Your two functions serve for two different purposes.

您的两个功能用于两个不同的目的。

• Function 1: works as remove_copy. It will notmodify the existing container; it makes a copy and modifies that instead.

• Function 2: works as remove. It will modify the existing container.

• 功能 1：作为remove_copy. 它不会修改现有的容器；它复制并修改它。

• 功能 2：作为remove. 它将修改现有容器。

It's somewhat subjective. I personally would prefer the latter, since it does not impose the cost of copying the vector onto the caller (but the caller is still free to make the copy if they so choose).

这有点主观。我个人更喜欢后者，因为它不会强加将向量复制到调用者的成本（但如果他们愿意，调用者仍然可以自由制作副本）。

In this particular case I'd choose passing by reference, but not because it's a C++ practice or not, but because it actually makes more sense (the function by its name applies modification to the vector). There seems to be no actual needto return data from the function.

在这种特殊情况下，我会选择通过引用传递，但不是因为它是否是 C++ 实践，而是因为它实际上更有意义（函数的名称将修改应用于向量）。似乎没有实际需要从函数返回数据。

But that also depends on purpose of the function. If you alwayswant to use it in the following way:

但这也取决于函数的目的。如果您总是想通过以下方式使用它：

vec = bow.RemoveSpecialCharacters(vec);

Then absolutely first option is a go. Otherwise, the second one seems to be more appropriate. (Judging by the function name, the first one seems to meto be more appropriate).

那么绝对第一个选择是去。否则，第二个似乎更合适。（从函数名来看，第一个在我看来更合适）。

In terms of performance, the first solution in modern C++11 world will be more-less a few assignments slower, so the performance impact would be negligible.

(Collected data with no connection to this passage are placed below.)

Definition Pr (E : seq bool -> seq bool -> seq nat -> bool) : R :=
  \sum_(s : (n.+1).-tuple bool) \sum_(u : n.-tuple bool)
  \sum_(x : n.-tuple bool) \sum_(q : (n.+1).-tuple 'I_N.+1)
     joint s u x q * (E u x (map (@nat_of_ord _) q))%:R.

Definition condP (A B : seq bool -> seq bool -> seq nat -> bool) : R :=
  Pr (fun u x q => A u x q && B u x q) / Pr B.

End Joint.

(* x_{i-N}^{i-1} from x^{i-1} *)
Definition window (N i : nat) (xh : seq bool) : seq bool := drop (i.-1 - N) xh.

(* number of 0's following the last 1 in w (= N if all are 0, with size w = N) *)
Definition qwin (N : nat) (w : seq bool) : nat :=
  if has id w then find id (rev w) else N.

Definition kidx (N i : nat) (xh : seq bool) : nat :=
  (i - (qwin N (window N i xh)).+1)%N.

Definition evXi (i : nat) (xi : bool) := fun (u x : seq bool) (q : seq nat) =>
  nth false x i.-1 == xi.
Definition evHist (uh xh : seq bool) := fun (u x : seq bool) (q : seq nat) =>
  (u == uh) && (take (size xh) x == xh).
Definition evTail (i l : nat) (uh : seq bool) (qv : nat) :=
  fun (u x : seq bool) (q : seq nat) =>
  (drop l.-1 u == drop l.-1 uh) && (nth 0%N q i.-1 == qv).

(* Write i = m + 1 and q = q_m.  Summing out the battery states, the probability of a
   history (u^m, x^m) and S_m = s is the forward weight alpha m u x s.  When the last 1
   of x^m is at time m - q with q < N and u_l = b for some l >= m - q, the boost is
   inactive from time l - 1 on: u_l = b forces x_l = s_(l-1), which resets the law of
   S_l to one that does not depend on the past, and afterwards only zeros are sent.
   So alpha m u x is proportional to a law that depends only on u_(l+1), ..., u_m, and
   the conditional law of x_i given u_i and any event made of such histories is the
   same.  Both conditioning events of the theorem are of this kind. *)

From mathcomp Require Import all_boot all_order all_algebra.
From mathcomp Require Import ring zify.
Set Implicit Arguments. Unset Strict Implicit. Unset Printing Implicit Defensive.
Import Order.TTheory GRing.Theory Num.Theory.
Local Open Scope ring_scope.

Lemma big_tuple_rcons (R : nmodType) (T : finType) m (G : m.+1.-tuple T -> R) :
  \sum_(t : m.+1.-tuple T) G t = \sum_(t : m.-tuple T) \sum_(a : T) G (rcons_tuple t a).
Proof.
rewrite pair_big /= (reindex (fun p : m.-tuple T * T => rcons_tuple p.1 p.2)) //=.
exists (fun t : m.+1.-tuple T => (belast_tuple (thead t) (behead_tuple t),
                                   last (thead t) (behead t))) => [[t a] _ | t _].
  case: t => [[|y s] st] /=.
    by congr pair; apply: val_inj.
  by rewrite /thead (tnth_nth y) /=; congr pair;
    [apply: val_inj; rewrite /= belast_rcons | rewrite last_rcons].
case: t => [[|y s] st] //; apply: val_inj => /=.
by rewrite /thead (tnth_nth y) /= -lastI.
Qed.

Lemma big_tuple0 (R : nmodType) (T : finType) (G : 0.-tuple T -> R) :
  \sum_(t : 0.-tuple T) G t = G [tuple].
Proof. by rewrite (big_pred1 [tuple]) // => t; rewrite [t]tuple0 /= eqxx. Qed.

Lemma sum_bool_natr_eq (R : pzSemiRingType) (G : bool -> R) (a : bool) :
  \sum_(b : bool) (b == a)%:R * G b = G a.
Proof. by rewrite big_bool; case: a; rewrite /= mul1r mul0r ?addr0 ?add0r. Qed.

Lemma sum_ord_natr_eq (R : pzSemiRingType) n (v : nat) (G : nat -> R) : (v < n)%N ->
  \sum_(c : 'I_n) (nat_of_ord c == v)%:R * G c = G v.
Proof.
move=> ltvn; rewrite (bigD1 (Ordinal ltvn)) //= eqxx mul1r big1 ?addr0 // => c.
by rewrite -val_eqE /= => /negbTE ->; rewrite mul0r.
Qed.

Lemma sum_proportional (R : pzRingType) (I : finType) (F : I -> bool -> R) (G : bool -> R) :
  (forall i, exists c, forall b, F i b = c * G b) ->
  exists c, forall b, \sum_i F i b = c * G b.
Proof.
move=> propF.
suff [c [ct cf]] : exists c, \sum_i F i true = c * G true /\ \sum_i F i false = c * G false.
  by exists c; case.
apply: (big_ind2 (fun y1 y2 => exists c, y1 = c * G true /\ y2 = c * G false)).
- by exists 0; rewrite !mul0r.
- by move=> _ _ _ _ [c1 [-> ->]] [c2 [-> ->]]; exists (c1 + c2); rewrite !mulrDl.
- by move=> i _; have [c Fc] := propF i; exists c; rewrite !Fc.
Qed.

Lemma take_rcons_size (T : Type) (s : seq T) a : take (size s) (rcons s a) = s.
Proof. by rewrite -cats1 take_size_cat. Qed.

Lemma nth_rcons_size (T : Type) (x0 : T) (s : seq T) a : nth x0 (rcons s a) (size s) = a.
Proof. by rewrite nth_rcons ltnn eqxx. Qed.

Section Channel.
Variables (R : realFieldType) (eta : R) (N : nat)
          (pol : seq bool -> seq bool -> bool -> R).

Definition qstate (x : seq bool) : nat := foldl (gU N) 0%N x.

Definition qtrace n (x : seq bool) : seq nat := mkseq (fun k => qstate (take k x)) n.+1.

(* [k] is 0-based: this is the weight of time step [k + 1], without the update of q. *)
Definition step_weight k (u x : seq bool) (sp s : bool) (qp : nat) : R :=
  pol (take k u) (take k x) (nth false u k)
  * (nth false x k == fstrat (nth false u k) sp)%:R
  * PU eta N s (nth false x k) sp qp.

Definition path_weight n (s u x : seq bool) (q : seq nat) : R :=
  ((nth false s 0 == false) && (nth 0%N q 0 == 0%N))%:R *
  \prod_(1 <= k < n.+1)
    (step_weight k.-1 u x (nth false s k.-1) (nth false s k) (nth 0%N q k.-1)
     * (nth 0%N q k == gU N (nth 0%N q k.-1) (nth false x k.-1))%:R).

(* [alpha j u x s] is P(u^j, x^j, S_j = s): q is a function of x. *)
Fixpoint alpha j (u x : seq bool) (s : bool) : R :=
  if j is j'.+1 then
    \sum_(sp : bool) alpha j' u x sp * step_weight j' u x sp s (qstate (take j' x))
  else (s == false)%:R.

Lemma joint_path_weight n s u x q :
  @joint R eta N pol n s u x q = path_weight n s u x (map (@nat_of_ord _) q).
Proof.
have nth_val k : nat_of_ord (nth ord0 q k) = nth 0%N (map (@nat_of_ord _) q) k.
  by elim: {q}(val q) k => [|c q IHq] [|k] //=.
by rewrite /joint /path_weight !nth_val; congr (_ * _); apply: eq_bigr => k _; rewrite !nth_val.
Qed.

Lemma path_weight_rcons n s b u x q c : size s = n.+1 -> size q = n.+1 ->
  path_weight n.+1 (rcons s b) u x (rcons q c)
  = path_weight n s u x q * (step_weight n u x (nth false s n) b (nth 0%N q n)
                              * (c == gU N (nth 0%N q n) (nth false x n))%:R).
Proof.
move=> ss sq; rewrite /path_weight big_nat_recr //= !nth_rcons ss sq /= -mulrA.
rewrite ltnSn ltnn eqxx; congr (_ * (_ * _)); apply: eq_big_nat => k /andP[_ ltkn].
by rewrite !nth_rcons ss sq ltkn (leq_ltn_trans (leq_pred k) ltkn).
Qed.

Lemma qstate_rcons x b : qstate (rcons x b) = gU N (qstate x) b.
Proof. by rewrite /qstate foldl_rcons. Qed.

Lemma gU_lt q b : (gU N q b < N.+1)%N.
Proof. by rewrite /gU; case: b => //; case: ifP => h; rewrite ltnS. Qed.

Lemma qtraceS n x : (n < size x)%N ->
  qtrace n.+1 x = rcons (qtrace n x) (gU N (qstate (take n x)) (nth false x n)).
Proof. by move=> ltnx; rewrite /qtrace mkseqS (take_nth false ltnx) qstate_rcons. Qed.

Lemma nth_qtrace n x : nth 0%N (qtrace n x) n = qstate (take n x).
Proof. by rewrite nth_mkseq. Qed.

Lemma size_qtrace n x : size (qtrace n x) = n.+1.
Proof. exact: size_mkseq. Qed.

Lemma sum_q_path_weight n s u x (F : seq nat -> R) : size s = n.+1 -> (n <= size x)%N ->
  \sum_(q : n.+1.-tuple 'I_N.+1)
     path_weight n s u x (map (@nat_of_ord _) q) * F (map (@nat_of_ord _) q)
  = path_weight n s u x (qtrace n x) * F (qtrace n x).
Proof.
elim: n s F => [|n IHn] s F ss lenx.
  rewrite big_tuple_rcons big_tuple0 /path_weight big_geq // mulr1.
  under eq_bigr => c _ do rewrite big_geq // mulr1 -mulnb natrM -mulrA mulrCA.
  by rewrite (sum_ord_natr_eq (fun c => _ * F [:: c])) // /qtrace /mkseq /= take0 andbT.
case/lastP: s ss => [|s b]; rewrite ?size_rcons // => -[ss].
rewrite big_tuple_rcons (qtraceS lenx) path_weight_rcons ?size_qtrace // nth_qtrace.
under eq_bigr => q _.
  under eq_bigr => c _ do
    rewrite /= map_rcons path_weight_rcons ?size_map ?size_tuple //
            -(mulrA (path_weight _ _ _ _ _)).
  rewrite -mulr_sumr.
  over.
rewrite (IHn s (fun q => \sum_(c : 'I_N.+1) step_weight n u x (nth false s n) b (nth 0%N q n)
   * (nat_of_ord c == gU N (nth 0%N q n) (nth false x n))%:R * F (rcons q c))) ?(ltnW lenx) //.
rewrite nth_qtrace eqxx mulr1 -mulrA; congr (_ * _).
under eq_bigr => c _ do rewrite mulrAC mulrC.
by rewrite (sum_ord_natr_eq (fun c => _ * F (rcons _ c))) ?gU_lt.
Qed.
(* Orthonormalizing the mode subspaces writes X = sum_P C_P q^1_(P_1) o ... o q^d_(P_d),
   the sum running over the r^d multi-indices P, with ||X||^2 = sum_P C_P^2. Reshaping
   regroups the d factors into d' Kronecker products x_(P,a) in S_1 of kappa basis
   vectors, and x_(P,a), x_(P',a) are either equal or orthogonal. In the second case
   (x + y)/||x + y|| lies in S_2, so polarization and the RIP on S_(1,2) give
   |<A_a x, A_a y> - <x, y>| <= 2 eps in both cases. Both ||X||^2 and ||A(R(X))||^2 expand
   as sum_(P,P') C_P C_P' prod_a <.,.> with inner products bounded by 1, hence differ by
   at most ((1 + 2 eps)^d' - 1) sum_(P,P') |C_P| |C_P'| <= 4 d' eps r^d ||X||^2. *)

Lemma big_nat_mul_shift (T : Type) (idx : T) (op : Monoid.law idx) k n (F : nat -> T) :
  \big[op/idx]_(0 <= j < k * n) F j =
  \big[op/idx]_(0 <= a < k) \big[op/idx]_(0 <= t < n) F (t + a * n)%N.
Proof.
rewrite big_nat_mul; apply: eq_bigr => a _.
by rewrite -{1}(add0n (a * n)%N) big_addn mulSn addnK.
Qed.

Lemma kdigit_lt n kappa J b : (0 < n)%N -> (kdigit n kappa J b < n)%N.
Proof. exact: ltn_pmod. Qed.

Lemma sum_kdigit_prod (R : comPzSemiRingType) n kappa (f : 'I_kappa -> nat -> R) :
  (0 < n)%N ->
  \sum_(J < n ^ kappa) \prod_(b < kappa) f b (kdigit n kappa J b) =
  \prod_(b < kappa) \sum_(t < n) f b t.
Proof.
move=> n_gt0; elim: kappa f => [|k IH] f.
  by rewrite expn0 big_ord1 !big_ord0.
rewrite [RHS]big_ord_recr /= -(IH (fun b => f (widen_ord (leqnSn k) b))) expnSr.
rewrite -(big_mkord xpredT (fun J => \prod_(b < k.+1) f b (kdigit n k.+1 J b))).
rewrite big_nat_mul_shift mulr_suml big_mkord; apply: eq_bigr => a _.
rewrite big_mkord mulr_sumr; apply: eq_bigr => t _.
rewrite big_ord_recr /=; congr (_ * _).
  apply: eq_bigr => b _; congr (f _ _); rewrite /kdigit /=.
  have -> : (k - b = (k.-1 - b).+1)%N by have := ltn_ord b; lia.
  by rewrite expnS divnMA divnDMl // (divn_small (ltn_ord t)) add0n.
by rewrite /kdigit /= subnn expn0 divn1 addnC modnMDl modn_small.
Qed.

Lemma sum_ffun_prod_mul (R : comPzSemiRingType) (I J : finType) (F G : I -> J -> R) :
  \sum_(f : {ffun I -> J}) (\prod_i F i (f i)) * (\prod_i G i (f i)) =
  \prod_i \sum_j F i j * G i j.
Proof. by rewrite bigA_distr_bigA; apply: eq_bigr => f _; rewrite big_split. Qed.

Lemma sum_sqr_sum_prod (R : comPzSemiRingType) (T : finType) D N (C : T -> R)
    (f : T -> 'I_D -> 'I_N -> R) :
  \sum_(l : idx D N) (\sum_P C P * \prod_a f P a (l a)) ^+ 2 =
  \sum_P \sum_P' C P * C P' * \prod_a \sum_t f P a t * f P' a t.
Proof.
under eq_bigr do rewrite expr2 mulr_suml.
under eq_bigr do under eq_bigr do rewrite mulr_sumr.
rewrite exchange_big; apply: eq_bigr => P _.
rewrite exchange_big; apply: eq_bigr => P' _.
under eq_bigr do rewrite mulrACA.
by rewrite -mulr_sumr (sum_ffun_prod_mul (f P) (f P')).
Qed.

Lemma prod_eqb_ffun (R : comPzSemiRingType) (T : finType) (U : eqType) (f g : {ffun T -> U}) :
  \prod_j (f j == g j)%:R = (f == g)%:R :> R.
Proof.
have [<-|neq_fg] := eqVneq f g; first by rewrite big1 // => j _; rewrite eqxx.
have [j neq_j | eq_fg] := pickP (fun j => f j != g j).
  by rewrite (bigD1 j) //= (negbTE neq_j) mul0r.
by case/eqP: neq_fg; apply/ffunP => j; apply/eqP/negbFE/eq_fg.
Qed.

Lemma row_free_col_mx1 (F : fieldType) n k (b : 'rV[F]_n) (B : 'M_(k, n)) :
  row_free (col_mx b B) -> row_free B /\ ~~ (b <= B)%MS.
Proof.
rewrite /row_free -addsmxE => /eqP rk_bB.
have rk_B : \rank B = k.
  have := (mxrank_adds_leqif b B).1; have := rank_leq_row b.
  have := rank_leq_row B; rewrite rk_bB; lia.
split; first exact/eqP.
by apply/negP => /addsmx_idPr bB; move: rk_bB; rewrite bB rk_B => /n_Sn.
Qed.

Section GramSchmidt.
Variable R : rcfType.

Lemma orthonormal_row_free k n (Q : 'M[R]_(k, n)) : Q *m Q^T = 1%:M -> row_free Q.
Proof.
move=> orthoQ; rewrite /row_free eqn_leq rank_leq_row /=.
by rewrite -{1}(mxrank1 R k) -orthoQ mxrankM_maxl.
Qed.

Lemma orthonormal_col_mx k1 k2 n (Q1 : 'M[R]_(k1, n)) (Q2 : 'M_(k2, n)) :
  Q1 *m Q1^T = 1%:M -> Q2 *m Q2^T = 1%:M -> Q1 *m Q2^T = 0 ->
  col_mx Q1 Q2 *m (col_mx Q1 Q2)^T = 1%:M.
Proof.
move=> orthoQ1 orthoQ2 Q12; rewrite tr_col_mx mul_col_row orthoQ1 orthoQ2 Q12.
have -> : Q2 *m Q1^T = 0 by rewrite -[Q2]trmxK -trmx_mul Q12 trmx0.
by rewrite -scalar_mx_block.
Qed.

Lemma normalize_row n (w : 'rV[R]_n) : w != 0 ->
  exists2 c : R, c != 0 & (c^-1 *: w) *m (c^-1 *: w)^T = 1%:M.
Proof.
move=> w_neq0; set s := \sum_i w 0 i ^+ 2.
have wwT : w *m w^T = s%:M.
  apply/matrixP => i j; rewrite !ord1 !mxE eqxx mulr1n.
  by apply: eq_bigr => t _; rewrite mxE expr2.
have s_gt0 : 0 < s.
  rewrite lt_def sumr_ge0 ?andbT => [|t _]; last exact: sqr_ge0.
  apply: contra w_neq0 => /eqP/psumr_eq0P s0; apply/eqP/rowP => t.
  by rewrite mxE; apply/eqP; rewrite -sqrf_eq0 s0 // => i _; apply: sqr_ge0.
exists (Num.sqrt s); first by rewrite gt_eqF ?sqrtr_gt0.
rewrite linearZ /= -scalemxAl -scalemxAr wwT !scale_scalar_mx mulrA -expr2.
by rewrite exprVn sqr_sqrtr ?ltW // mulVf ?gt_eqF.
Qed.

Lemma orthonormal_extend k n (Q : 'M[R]_(k, n)) (b : 'rV_n) :
  Q *m Q^T = 1%:M -> ~~ (b <= Q)%MS ->
  exists Q' : 'M[R]_(1 + k, n), Q' *m Q'^T = 1%:M /\ (col_mx b Q <= Q')%MS.
Proof.
move=> orthoQ bQ; set w := b - b *m Q^T *m Q.
have wQ : w *m Q^T = 0 by rewrite mulmxBl -!mulmxA orthoQ mulmx1 subrr.
have w_neq0 : w != 0.
  apply: contra bQ => /eqP/subr0_eq ->; exact: submxMl.
have [c c_neq0 orthoq] := normalize_row w_neq0.
exists (col_mx (c^-1 *: w) Q); split.
  by apply: orthonormal_col_mx => //; rewrite -scalemxAl wQ scaler0.
rewrite -!addsmxE addsmx_sub addsmxSr andbT.
have -> : b = c *: (c^-1 *: w) + b *m Q^T *m Q.
  by rewrite scalerA divff // scale1r subrK.
apply: addmx_sub; first exact/scalemx_sub/addsmxSl.
exact: submx_trans (submxMl _ _) (addsmxSr _ _).
Qed.

Lemma row_free_orthonormal_cover k n (B : 'M[R]_(k, n)) : row_free B ->
  exists Q : 'M[R]_(k, n), Q *m Q^T = 1%:M /\ (B <= Q)%MS.
Proof.
elim: k B => [|k IH] B freeB.
  by exists B; split; [apply/matrixP => [[]]|].
pose b := usubmx (B : 'M_(1 + k, n)); pose B' := dsubmx (B : 'M_(1 + k, n)).
have -> : B = col_mx b B' by rewrite vsubmxK.
have [freeB' bB'] : row_free B' /\ ~~ (b <= B')%MS.
  by apply: row_free_col_mx1; rewrite vsubmxK.
have [Q [orthoQ B'Q]] := IH _ freeB'.
have QB' : (Q <= B')%MS.
  by rewrite -(mxrank_leqif_sup B'Q).2 (eqP freeB') (eqP (orthonormal_row_free orthoQ)).
have [Q' [orthoQ' bQ_Q']] := orthonormal_extend orthoQ (contra (fun bQ => submx_trans bQ QB') bB').
have bB'_bQ : (col_mx b B' <= col_mx b Q)%MS.
  by rewrite col_mx_sub -addsmxE addsmxSl -addsmxE (submx_trans B'Q (addsmxSr _ _)).
by exists Q'; split => //; apply: submx_trans bB'_bQ bQ_Q'.
Qed.

Lemma rank_orthonormal_cover r n (U : 'M[R]_n) : \rank U = r ->
  exists Q : 'M[R]_(r, n), Q *m Q^T = 1%:M /\ (U <= Q)%MS.
Proof.
move=> <-; have [Q [orthoQ baseQ]] := row_free_orthonormal_cover (row_base_free U).
by exists Q; split => //; rewrite -(eq_row_base U).
Qed.

End GramSchmidt.

Lemma hosvd_expand (R : realType) d n r (X : tensor R d n) : hosvd_rank_le r X ->
  exists (Q : 'I_d -> 'M[R]_(r, n)) (C : idx d r -> R),
    (forall j, Q j *m (Q j)^T = 1%:M) /\
    forall i, X i = \sum_P C P * \prod_j Q j (P j) (i j).
Proof.
move=> [U [rkU [N [u [uU X_u]]]]].
have [Q QU] := fin_all_exists (fun j => rank_orthonormal_cover (rkU j)).
have coord k j : exists c : 'rV[R]_r, u k j = c *m Q j.
  by have /submxP [c ->] := submx_trans (uU k j) (QU j).2; exists c.
have [c u_c] := fin_all_exists (fun k => fin_all_exists (coord k)).
exists Q, (fun P => \sum_(k < N) \prod_j c k j 0 (P j)); split => [j|i].
  exact: (QU j).1.
rewrite X_u; under eq_bigr => k _ do under eq_bigr => j _ do rewrite u_c mxE.
under eq_bigr => k _ do rewrite bigA_distr_bigA.
rewrite exchange_big; apply: eq_bigr => P _; rewrite mulr_suml.
by apply: eq_bigr => k _; rewrite big_split.
Qed.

在性能方面，现代 C++11 世界中的第一个解决方案将更多 - 更少一些赋值更慢，因此性能影响可以忽略不计。

Go for option 2, modifying the vector passed as parameter.

去选项2，修改作为参数传递的载体。

Side note: some coding practices suggest to pass through pointers arguments that may be changed (just to make it clear at a first glance to the developers that the function may change the argument).

旁注：一些编码实践建议传递可能会更改的指针参数（只是为了让开发人员第一眼就清楚该函数可能会更改参数）。

The best practice is to pass by reference the vector.

最佳实践是通过引用传递向量。

Inside the function you edit it and you don't have to return it back (which in fact you are allocating a new memory space that is not needed).

在您编辑它的函数内部，您不必将其返回（实际上您正在分配一个不需要的新内存空间）。

If you pass it by reference the cost is much smaller and the vector is also edited out of the scope of the function

如果您通过引用传递它，成本会小得多，并且向量也被编辑出函数的范围

Actually neither one is a good practice for C++, if by good practice to mean how it is done in C++ libraries. You basically reimplement what std::remove_copy_ifor std::remove_ifdoes, so good practice is to implement functions (or use existing ones), that work on range, not on container, either by value or by reference.

实际上，对于 C++ 来说，这两个都不是一个好的实践，如果通过好的实践来表示它是如何在 C++ 库中完成的。你基本上是重新实现什么std::remove_copy_if或std::remove_if做什么，所以好的做法是实现功能（或使用现有的），在范围上工作，而不是在容器上，无论是按值还是按引用。

Again this depends on how you define term good practice.

同样，这取决于您如何定义 term good practice。

The first function will return a copy of the vector, so it will be slower than the second. You should use the second.

第一个函数将返回向量的副本，因此它会比第二个慢。你应该使用第二个。